**Available data**
(* Let $A$ be a non-empty set and $\phi\in\ell_1(A)$, regarded as the functional $\phi(x^* )=\sum_{a\in A}\phi(a)x^*(a)$ on $\ell_\infty(A)$. Then the function $g_\phi:\ell_\infty(A)\to\mathbb R_+$, $g_\phi(x^* )=|\phi(|x^*|)|$, belongs to $FBL[\ell_1(A)]$.
   Context: For a real Banach space $E$ with dual $E^*$ and closed unit ball $B_E$, let $H[E]$ be the vector space of all positively homogeneous functions $f:E^*\to\mathbb R$ ($f(\lambda x^* )=\lambda f(x^* )$ for $\lambda>0$). For $f\in H[E]$ put $\|f\|_{FBL[E]}:=\sup\{\sum_{k=1}^n|f(x_k^* )| : n\in\mathbb N,\ x_1^*,\dots,x_n^*\in E^*,\ \sup_{x\in B_E}\sum_{k=1}^n|x_k^*(x)|\le 1\}$. $H_0[E]:=\{f\in H[E]:\|f\|_{FBL[E]}<\infty\}$ is a Banach lattice with this norm and pointwise order/operations. For $x\in E$ let $\delta_x(x^* )=x^*(x)$. $FBL[E]$ is the closed sublattice of $H_0[E]$ generated by $\{\delta_x:x\in E\}$. Here $E=\ell_1(A)$ with $E^*$ identified with $\ell_\infty(A)$. *)

From HB Require Import structures.
From mathcomp Require Import all_boot all_order all_algebra.
From mathcomp Require Import all_classical all_reals all_analysis.
Set Implicit Arguments. Unset Strict Implicit. Unset Printing Implicit Defensive.
Import Order.TTheory GRing.Theory Num.Theory.
Local Open Scope classical_set_scope.
Local Open Scope ring_scope.

Section FBL.
Variables (R : realType) (A : choiceType).

(* sum over A of a (possibly signed) family: sum of positive parts minus
   sum of negative parts (the usual unconditional sum for absolutely
   summable families) *)
Definition sumA (u : A -> R) : R :=
  fine ((\esum_(a in [set: A]) ((fun b => (u b)%:E)^\+ a))
        - (\esum_(a in [set: A]) ((fun b => (u b)%:E)^\- a)))%E.

Definition l1 (x : A -> R) : Prop := (\esum_(a in [set: A]) (`|x a|)%:E < +oo)%E.
Definition l1norm (x : A -> R) : \bar R := (\esum_(a in [set: A]) (`|x a|)%:E)%E.

Definition linf (xs : A -> R) : Prop := exists M : R, forall a, `|xs a| <= M.

Definition pairing (xs x : A -> R) : R := sumA (fun a => xs a * x a).

Definition delta (x : A -> R) : (A -> R) -> R := fun xs => pairing xs x.

Definition posHom (f : (A -> R) -> R) : Prop :=
  forall xs, linf xs -> forall l : R, 0 < l ->
    f (fun a => l * xs a) = l * f xs.

Definition admissible (s : seq (A -> R)) : Prop :=
  (forall xs, xs \in s -> linf xs) /\
  (forall x, l1 x -> (l1norm x <= 1)%E ->
     \sum_(xs <- s) `|pairing xs x| <= 1).

Definition fblnorm (f : (A -> R) -> R) : \bar R :=
  ereal_sup [set (\sum_(xs <- s) `|f xs|)%:E | s in admissible].

Definition H0 (f : (A -> R) -> R) : Prop := posHom f /\ (fblnorm f < +oo)%E.

Definition closed_sublattice (S : set ((A -> R) -> R)) : Prop :=
  [/\ S `<=` H0,
      S (fun _ => 0),
      (forall f g, S f -> S g -> S (fun xs => f xs + g xs)),
      (forall (c : R) f, S f -> S (fun xs => c * f xs)) &
      [/\ (forall f g, S f -> S g -> S (fun xs => Num.max (f xs) (g xs))),
      (forall f g, S f -> S g -> S (fun xs => Num.min (f xs) (g xs))) &
      (forall f, H0 f ->
         (forall e : R, 0 < e -> exists2 g, S g &
            (fblnorm (fun xs => (f xs - g xs)%R) < e%:E)%E) -> S f)]].

(* FBL[E]: the closed sublattice of H_0[E] generated by {delta_x : x in E},
   i.e. the intersection of all closed sublattices containing them *)
Definition FBL (f : (A -> R) -> R) : Prop :=
  forall S, closed_sublattice S -> (forall x, l1 x -> S (delta x)) -> S f.

End FBL.

(* g_phi is the FBL-norm limit of its truncations
   g_X(ξ) = |sum_(a in X) |ξ(a)| phi(a)|, X a finite subset of A, and each g_X lies
   in every closed sublattice containing the evaluations ξ |-> ξ(a) = δ_(e_a)(ξ).
   Testing admissibility of a family (ξ_k) on the unit vectors e_a gives
   sum_k |ξ_k(a)| <= 1, hence
   sum_k |g_phi(ξ_k) - g_X(ξ_k)| <= sum_k sum_(a not in X) |ξ_k(a)| |phi(a)|
                               <= sum_(a not in X) |phi(a)|,
   a tail of the summable family |phi|. *)

From HB Require Import structures.
From mathcomp Require Import all_boot all_order all_algebra.
From mathcomp Require Import all_classical all_reals all_analysis.
From mathcomp Require Import lra.
Import Order.TTheory GRing.Theory Num.Theory.
Local Open Scope classical_set_scope.
Local Open Scope ring_scope.
Set Implicit Arguments. Unset Strict Implicit. Unset Printing Implicit Defensive.

Section esum_lemmas.
Variables (R : realType) (A : choiceType).
Implicit Types (D X : set A) (f : A -> R).

Lemma esumZl D (r : R) (F : A -> \bar R) : 0 <= r -> (forall a, 0 <= F a)%E ->
  (\esum_(a in D) (r%:E * F a) = r%:E * \esum_(a in D) F a)%E.
Proof.
move=> r0 F0; rewrite /esum -ereal_supZl//; last first.
  by apply/set0P; exists 0%E; exists set0; [exact: fsets_set0|rewrite fsbig_set0].
congr ereal_sup; apply/seteqP; split=> x /=.
  by move=> [X XD <-]; exists (\sum_(i \in X) F i)%E; [exists X|rewrite ge0_mule_fsumr].
by move=> [_ [X XD <-] <-]; exists X => //; rewrite ge0_mule_fsumr.
Qed.

Lemma esum_fsetC X f : finite_set X -> (forall a, 0 <= f a) ->
  (\esum_(a in [set: A]) (f a)%:E =
   (\sum_(a \in X) f a)%:E + \esum_(a in ~` X) (f a)%:E)%E.
Proof.
move=> finX f0; rewrite (esumID X) => [|a _]; last by rewrite lee_fin.
by rewrite !setTI esum_fset ?fsumEFin// => a _; rewrite lee_fin.
Qed.

Lemma le_esum_setT D (F : A -> \bar R) : (forall a, 0 <= F a)%E ->
  (\esum_(a in D) F a <= \esum_(a in [set: A]) F a)%E.
Proof.
move=> F0; rewrite [leRHS](esumID D)// setTI leeDl//.
exact: esum_ge0.
Qed.

Lemma l1_fin_num_esum D (F : A -> \bar R) f : l1 f ->
  (forall a, 0 <= F a <= (`|f a|)%:E)%E -> (\esum_(a in D) F a \is a fin_num)%E.
Proof.
move=> lf Ff; rewrite ge0_fin_numE; last by apply: esum_ge0 => a _; case/andP: (Ff a).
apply: le_lt_trans lf; apply: le_trans (le_esum_setT D _ ) => [|a]; last by rewrite lee_fin.
by apply: le_esum => a _; case/andP: (Ff a).
Qed.

Lemma l1_tail_lt f (e : R) : l1 f -> 0 < e ->
  exists2 X, finite_set X & (\esum_(a in ~` X) (`|f a|)%:E < e%:E)%E.
Proof.
move=> lf e0; have normf a : (0 <= (`|f a|)%:E <= (`|f a|)%:E)%E.
  by rewrite lee_fin normr_ge0 lexx.
have Tfin := l1_fin_num_esum [set: A] lf normf.
have : ((fine (\esum_(a in [set: A]) (`|f a|)%:E) - e)%:E
          < \esum_(a in [set: A]) (`|f a|)%:E)%E.
  by rewrite -[ltRHS](fineK Tfin) lte_fin gtrBl.
rewrite [in ltRHS]/esum => /ereal_sup_gt[_ [X [finX _] <-]].
rewrite fsumEFin// lte_fin => sumX; exists X => //.
have tailfin := l1_fin_num_esum (~` X) lf normf.
move: sumX; rewrite (esum_fsetC finX) // -(fineK tailfin) -EFinD /= lte_fin.
lra.
Qed.

Lemma esum_finsupp X f : finite_set X -> (forall a, ~ X a -> f a = 0) ->
  (forall a, 0 <= f a) -> (\esum_(a in [set: A]) (f a)%:E = (\sum_(a \in X) f a)%:E)%E.
Proof.
by move=> finX f0 fge0; rewrite (esum_fsetC finX)// esum1 ?adde0// => a /f0 ->.
Qed.

End esum_lemmas.

Section funrposneg_pointwise.
Variables (R : realType) (A : choiceType).
Implicit Types (f : A -> R).

Lemma funrposBnegE f a : f^\+ a - f^\- a = f a.
Proof. exact: (congr1 (@^~ a) (funrposBneg f)). Qed.

Lemma funrposDnegE f a : f^\+ a + f^\- a = `|f a|.
Proof. exact: (congr1 (@^~ a) (funrposDneg f)). Qed.

Lemma funrpos_le_norm f a : f^\+ a <= `|f a|.
Proof. by rewrite -funrposDnegE lerDl funrneg_ge0. Qed.

Lemma funrneg_le_norm f a : f^\- a <= `|f a|.
Proof. by rewrite -funrposDnegE lerDr funrpos_ge0. Qed.

End funrposneg_pointwise.

Section sumA_lemmas.
Variables (R : realType) (A : choiceType).
Implicit Types (D X : set A) (f : A -> R).

Lemma l1_fin_num_funrpos D f : l1 f -> (\esum_(a in D) (f^\+ a)%:E \is a fin_num)%E.
Proof.
by move=> lf; apply: (l1_fin_num_esum _ lf) => a; rewrite !lee_fin funrpos_ge0 funrpos_le_norm.
Qed.

Lemma l1_fin_num_funrneg D f : l1 f -> (\esum_(a in D) (f^\- a)%:E \is a fin_num)%E.
Proof.
by move=> lf; apply: (l1_fin_num_esum _ lf) => a; rewrite !lee_fin funrneg_ge0 funrneg_le_norm.
Qed.

Lemma linf_norm (xs : A -> R) : linf xs -> linf (fun a => `|xs a|).
Proof. by case=> M HM; exists M => a; rewrite normr_id. Qed.

Lemma l1_linfM (xs : A -> R) f : linf xs -> l1 f -> l1 (fun a => xs a * f a).
Proof.
case=> M HM lf; apply: (@le_lt_trans _ _ (\esum_(a in [set: A]) (`|M|%:E * (`|f a|)%:E))%E).
  apply: le_esum => a _; rewrite -EFinM lee_fin normrM ler_wpM2r//.
  exact: le_trans (HM a) (ler_norm M).
by rewrite esumZl// lte_mul_pinfty// lee_fin.
Qed.

Lemma sumAE f : l1 f ->
  sumA f = fine (\esum_(a in [set: A]) (f^\+ a)%:E) - fine (\esum_(a in [set: A]) (f^\- a)%:E).
Proof.
move=> lf; rewrite /sumA (_ : (fun b => (f b)%:E) = EFin \o f)// funerpos funerneg.
by rewrite fineB//; [exact: l1_fin_num_funrpos|exact: l1_fin_num_funrneg].
Qed.

Lemma sumA_fsum_dist f X : l1 f -> finite_set X ->
  `|sumA f - \sum_(a \in X) f a| <= fine (\esum_(a in ~` X) (`|f a|)%:E).
Proof.
move=> lf finX; rewrite sumAE// !(esum_fsetC finX) ?funrpos_ge0 ?funrneg_ge0//.
have finP := l1_fin_num_funrpos (~` X) lf.
have finN := l1_fin_num_funrneg (~` X) lf.
have -> : (\esum_(a in ~` X) (`|f a|)%:E =
    \esum_(a in ~` X) (f^\+ a)%:E + \esum_(a in ~` X) (f^\- a)%:E)%E.
  rewrite -esumD => [|a _|a _]; rewrite ?lee_fin ?funrpos_ge0 ?funrneg_ge0//.
  by apply: eq_esum => a _; rewrite -EFinD funrposDnegE.
have -> : \sum_(a \in X) f a = \sum_(a \in X) f^\+ a - \sum_(a \in X) f^\- a.
  by rewrite !fsbig_finite//= -sumrB; apply: eq_bigr => a _; rewrite funrposBnegE.
have P0 : (0 <= \esum_(a in ~` X) (f^\+ a)%:E)%E.
  by apply: esum_ge0 => a _; rewrite lee_fin funrpos_ge0.
have N0 : (0 <= \esum_(a in ~` X) (f^\- a)%:E)%E.
  by apply: esum_ge0 => a _; rewrite lee_fin funrneg_ge0.
move: (fine_ge0 P0) (fine_ge0 N0).
rewrite -(fineK finP) -(fineK finN) -!EFinD /= => ? ?.
by rewrite ler_norml; apply/andP; split; lra.
Qed.

Lemma sumAZ (l : R) f : 0 <= l -> l1 f -> sumA (fun a => l * f a) = l * sumA f.
Proof.
move=> l0 lf; have llf : l1 (fun a => l * f a).
  by apply: (l1_linfM (xs := fun=> l)) lf; exists `|l|.
rewrite !sumAE// ge0_funrposM// ge0_funrnegM//.
under eq_esum do rewrite EFinM.
under [X in _ - fine X]eq_esum do rewrite EFinM.
rewrite !esumZl// => [|a|a]; rewrite ?lee_fin ?funrpos_ge0 ?funrneg_ge0//.
rewrite !fineM// ?mulrBr//; [exact: l1_fin_num_funrneg|exact: l1_fin_num_funrpos].
Qed.

Lemma l1_finsupp X f : finite_set X -> (forall a, ~ X a -> f a = 0) -> l1 f.
Proof.
move=> finX f0; rewrite /l1 (esum_finsupp finX) ?ltry// => a /f0 ->.
by rewrite normr0.
Qed.

Lemma sumA_finsupp X f : finite_set X -> (forall a, ~ X a -> f a = 0) ->
  sumA f = \sum_(a \in X) f a.
Proof.
move=> finX f0; apply/eqP; rewrite -subr_eq0 -normr_le0.
apply: le_trans (sumA_fsum_dist (l1_finsupp finX f0) finX) _.
by rewrite esum1// => a /f0 ->; rewrite normr0.
Qed.

End sumA_lemmas.

Section unit_vectors.
Variables (R : realType) (A : choiceType).

Definition ev (a : A) : A -> R := fun b => (b == a)%:R.

Lemma ev_supp a b : ~ [set a] b -> ev a b = 0.
Proof. by move=> /eqP /negbTE; rewrite /ev => ->. Qed.

Lemma l1_ev a : l1 (ev a).
Proof. exact: l1_finsupp (finite_set1 a) (@ev_supp a). Qed.

Lemma l1norm_ev a : l1norm (ev a) = 1%E.
Proof.
rewrite /l1norm (esum_finsupp (finite_set1 a)) ?fsbig_set1// => [|b /ev_supp ->].
  by rewrite /ev eqxx normr1.
by rewrite normr0.
Qed.

Lemma pairing_ev xs a : pairing xs (ev a) = xs a.
Proof.
rewrite /pairing (sumA_finsupp (finite_set1 a)) ?fsbig_set1// => [|b /ev_supp ->].
  by rewrite /ev eqxx mulr1.
by rewrite mulr0.
Qed.

Lemma delta_ev a : delta (ev a) = fun xs => xs a.
Proof. by apply/funext => xs; rewrite /delta pairing_ev. Qed.

Lemma admissible_sum_norm_le1 (s : seq (A -> R)) a :
  admissible s -> \sum_(xs <- s) `|xs a| <= 1.
Proof.
case=> _ /(_ (ev a) (l1_ev a)); rewrite l1norm_ev lexx => /(_ isT).
by under eq_bigr do rewrite pairing_ev.
Qed.

Lemma admissible_sum_esum_le (s : seq (A -> R)) D (phi : A -> R) : admissible s ->
  (\sum_(xs <- s) \esum_(a in D) (`|xs a| * `|phi a|)%:E <= \esum_(a in D) (`|phi a|)%:E)%E.
Proof.
move=> adm; rewrite -esum_sum => [|a xs _ _]; last by rewrite lee_fin mulr_ge0.
apply: le_esum => a _; rewrite sumEFin lee_fin -mulr_suml ler_piMl//.
exact: admissible_sum_norm_le1.
Qed.

End unit_vectors.

Section gphi.
Variables (R : realType) (A : choiceType) (phi : A -> R).
Hypothesis lphi : l1 phi.

Definition gphi (xs : A -> R) : R := `|pairing (fun a => `|xs a|) phi|.

Definition gphi_trunc (X : set A) (xs : A -> R) : R := `|\sum_(a \in X) `|xs a| * phi a|.

Lemma l1_normM (xs : A -> R) : linf xs -> l1 (fun a => `|xs a| * phi a).
Proof. by move=> /linf_norm/l1_linfM; apply. Qed.

Lemma dist_gphi_trunc xs X : linf xs -> finite_set X ->
  `|gphi xs - gphi_trunc X xs| <= fine (\esum_(a in ~` X) (`|xs a| * `|phi a|)%:E).
Proof.
move=> hxs finX; apply: le_trans (ler_dist_dist _ _) _.
have := sumA_fsum_dist (l1_normM hxs) finX.
by under eq_esum do rewrite normrM normr_id.
Qed.

Lemma fblnorm_gphi_sub_trunc X : finite_set X ->
  (fblnorm (fun xs => (gphi xs - gphi_trunc X xs)%R) <= \esum_(a in ~` X) (`|phi a|)%:E)%E.
Proof.
move=> finX; apply: ge_ereal_sup => _ [s adm <-].
apply: le_trans (admissible_sum_esum_le _ phi adm).
rewrite -sumEFin big_seq [leRHS]big_seq; apply: lee_sum => xs /adm.1 hxs.
have fin : (\esum_(a in ~` X) (`|xs a| * `|phi a|)%:E \is a fin_num)%E.
  apply: l1_fin_num_esum (l1_normM hxs) _ => a.
  by rewrite !lee_fin mulr_ge0//= normrM normr_id.
by rewrite -(fineK fin) lee_fin dist_gphi_trunc.
Qed.

Lemma posHom_gphi : posHom gphi.
Proof.
move=> xs hxs l l0; rewrite /gphi /pairing -[in RHS](gtr0_norm l0) -normrM.
rewrite -sumAZ ?ltW//; last exact: l1_normM.
by congr `|sumA _|; apply/funext => a; rewrite normrM gtr0_norm// mulrA.
Qed.

Lemma H0_gphi : H0 gphi.
Proof.
split; first exact: posHom_gphi.
have := fblnorm_gphi_sub_trunc (@finite_set0 A); rewrite setC0.
rewrite (_ : (fun xs => _) = gphi) => [bound|]; first exact: le_lt_trans bound lphi.
by apply/funext => xs; rewrite /gphi_trunc fsbig_set0 normr0 subr0.
Qed.

End gphi.

Section closed_sublattice.
Variables (R : realType) (A : choiceType) (S : set ((A -> R) -> R)).
Hypothesis hS : closed_sublattice S.

Lemma closed_sublattice_norm f : S f -> S (fun xs => `|f xs|).
Proof.
case: hS => _ _ _ Sscale [Smax _ _] Sf.
have := Smax _ _ Sf (Sscale (-1) _ Sf).
by under eq_fun do rewrite mulN1r maxrN.
Qed.

Lemma closed_sublattice_sum (I : Type) (r : seq I) (F : I -> (A -> R) -> R) :
  (forall i, S (F i)) -> S (fun xs => \sum_(i <- r) F i xs).
Proof.
case: hS => _ S0 Sadd _ _ SF; elim: r => [|i r IHr].
  by under eq_fun do rewrite big_nil.
by under eq_fun do rewrite big_cons; exact: Sadd (SF i) IHr.
Qed.

Lemma closed_sublattice_gphi_trunc (phi : A -> R) X : finite_set X ->
  (forall a, S (fun xs => xs a)) -> S (gphi_trunc phi X).
Proof.
move=> finX Seval; apply: closed_sublattice_norm.
under eq_fun do rewrite fsbig_finite//.
apply: closed_sublattice_sum => a.
case: hS => _ _ _ Sscale _; under eq_fun do rewrite mulrC.
exact/Sscale/closed_sublattice_norm.
Qed.

End closed_sublattice.

Theorem lemma4p8 (R : realType) (A : choiceType) (a0 : A)
  (phi : A -> R) (hphi : l1 phi) :
  FBL (fun xs : A -> R => `|pairing (fun a => `|xs a|) phi|).
Proof.
move=> S hS Sdelta; have Seval a : S (fun xs => xs a).
  by rewrite -delta_ev; exact/Sdelta/l1_ev.
have [_ _ _ _ [_ _ Sclosed]] := hS.
apply: Sclosed => [|e e0]; first exact: H0_gphi.
have [X finX tailX] := l1_tail_lt hphi e0.
exists (gphi_trunc phi X); first exact: closed_sublattice_gphi_trunc.
exact: le_lt_trans (fblnorm_gphi_sub_trunc hphi finX) tailX.
Qed.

**Problem to solve**
Return the total number of lines in the records that contain "Sdelta", without any explanation.

**Response**
2